● EXERCISE GOAL:
In the entries below, count every line that has the string "Hstep", and answer with that count alone.

++++

(* For all terms $s,t$ and $k\in\mathbb N$: $s\Downarrow_k t$ holds if and only if $s\succ^k t$ and $t$ is an abstraction.
   Context: Terms (de Bruijn): $s::=n\mid st\mid\lambda s$. Substitution $k^k_u=u$, $n^k_u=n$ ($n\ne k$), $(st)^k_u=(s^k_u)(t^k_u)$, $(\lambda s)^k_u=\lambda(s^{k+1}_u)$. Reduction: $(\lambda s)(\lambda t)\succ s^0_{\lambda t}$; $s\succ s'\Rightarrow st\succ s't$; $t\succ t'\Rightarrow(\lambda s)t\succ(\lambda s)t'$; $\succ^k$ is $k$-fold reduction. The big-step relation $s\Downarrow_k t$ is defined inductively by: $\lambda s\Downarrow_0\lambda s$; and if $s\Downarrow_{k_1}\lambda s'$, $t\Downarrow_{k_2}\lambda t'$ and $s'^0_{\lambda t'}\Downarrow_{k_3}u$, then $st\Downarrow_{k_1+k_2+1+k_3}u$. *)

From Stdlib Require Import Arith.

Inductive term : Type :=
| var : nat -> term
| app : term -> term -> term
| lam : term -> term.

(* Substitution s^k_u (no shifting, as in the paper). *)
Fixpoint subst (s : term) (k : nat) (u : term) : term :=
  match s with
  | var n => if Nat.eqb n k then u else var n
  | app s1 s2 => app (subst s1 k u) (subst s2 k u)
  | lam s1 => lam (subst s1 (S k) u)
  end.

Inductive step : term -> term -> Prop :=
| stepBeta s t : step (app (lam s) (lam t)) (subst s 0 (lam t))
| stepAppL s s' t : step s s' -> step (app s t) (app s' t)
| stepAppR s t t' : step t t' -> step (app (lam s) t) (app (lam s) t').

Inductive pow_step : nat -> term -> term -> Prop :=
| pow0 s : pow_step 0 s s
| powS k s s' t : step s s' -> pow_step k s' t -> pow_step (S k) s t.

Inductive eval : term -> nat -> term -> Prop :=
| evalLam s : eval (lam s) 0 (lam s)
| evalApp s t s' t' u k1 k2 k3 :
    eval s k1 (lam s') -> eval t k2 (lam t') -> eval (subst s' 0 (lam t')) k3 u ->
    eval (app s t) (k1 + k2 + 1 + k3) u.

Definition is_abstraction (t : term) : Prop := exists t', t = lam t'.

(* Evaluating [app s t] reduces [s] to [lam s'], then [t] to [lam t'], fires the
   redex and evaluates the body, so an evaluation derivation of cost [k] unfolds
   into [k] reduction steps ending in an abstraction.  Conversely, evaluation is
   closed under backward reduction: a step inside the function or argument
   position is charged to the corresponding subderivation, a root step to the
   body's, so induction along the reduction sequence rebuilds the derivation. *)
From Stdlib Require Import Arith Lia.

Lemma pow_step_trans k1 k2 s t u :
  pow_step k1 s t -> pow_step k2 t u -> pow_step (k1 + k2) s u.
Proof.
  induction 1 as [| k s s' t Hstep _ IH]; intros Hrest; simpl.
  - exact Hrest.
  - apply powS with s'; auto.
Qed.

Lemma pow_step_appL k s s' t :
  pow_step k s s' -> pow_step k (app s t) (app s' t).
Proof. induction 1; econstructor; eauto using stepAppL. Qed.

Lemma pow_step_appR k s t t' :
  pow_step k t t' -> pow_step k (app (lam s) t) (app (lam s) t').
Proof. induction 1; econstructor; eauto using stepAppR. Qed.

Lemma eval_abstraction s k t : eval s k t -> is_abstraction t.
Proof. induction 1; [exists s; reflexivity | assumption]. Qed.

Lemma eval_pow_step s k t : eval s k t -> pow_step k s t.
Proof.
  induction 1 as [s | s t s' t' u k1 k2 k3 _ IHs _ IHt _ IHbody].
  - constructor.
  - replace (k1 + k2 + 1 + k3) with (k1 + (k2 + S k3)) by lia.
    apply pow_step_trans with (app (lam s') t); [now apply pow_step_appL |].
    apply pow_step_trans with (app (lam s') (lam t')); [now apply pow_step_appR |].
    apply powS with (subst s' 0 (lam t')); [apply stepBeta | exact IHbody].
Qed.

Lemma eval_lam_inv s k u : eval (lam s) k u -> k = 0 /\ u = lam s.
Proof. now inversion 1. Qed.

Lemma step_eval s s' k u : step s s' -> eval s' k u -> eval s (S k) u.
Proof.
  intros Hstep; revert k u.
  induction Hstep as [s t | s s' t _ IH | s t t' _ IH]; intros k u Hev.
  - change (S k) with (0 + 0 + 1 + k).
    apply evalApp with s t; [constructor | constructor | exact Hev].
  - inversion Hev as [| ? ? s1 t1 ? k1 k2 k3 Hs Ht Hbody]; subst.
    replace (S (k1 + k2 + 1 + k3)) with (S k1 + k2 + 1 + k3) by lia.
    eapply evalApp; eauto.
  - inversion Hev as [| ? ? s1 t1 ? k1 k2 k3 Hs Ht Hbody]; subst.
    destruct (eval_lam_inv _ _ _ Hs) as [-> [= <-]].
    replace (S (0 + k2 + 1 + k3)) with (0 + S k2 + 1 + k3) by lia.
    eapply evalApp; eauto.
Qed.

Lemma pow_step_eval k s t : pow_step k s (lam t) -> eval s k (lam t).
Proof.
  remember (lam t) as v eqn:Hv.
  induction 1 as [s | k s s' u Hstep _ IH]; subst.
  - constructor.
  - apply step_eval with s'; auto.
Qed.

Theorem lemmaA3 (s t : term) (k : nat) :
  eval s k t <-> (pow_step k s t /\ is_abstraction t).
Proof.
  split.
  - intros Hev. split; [exact (eval_pow_step _ _ _ Hev) | exact (eval_abstraction _ _ _ Hev)].
  - intros [Hpow [t' ->]]. now apply pow_step_eval.
Qed.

++++

● WRITTEN RESPONSE:
4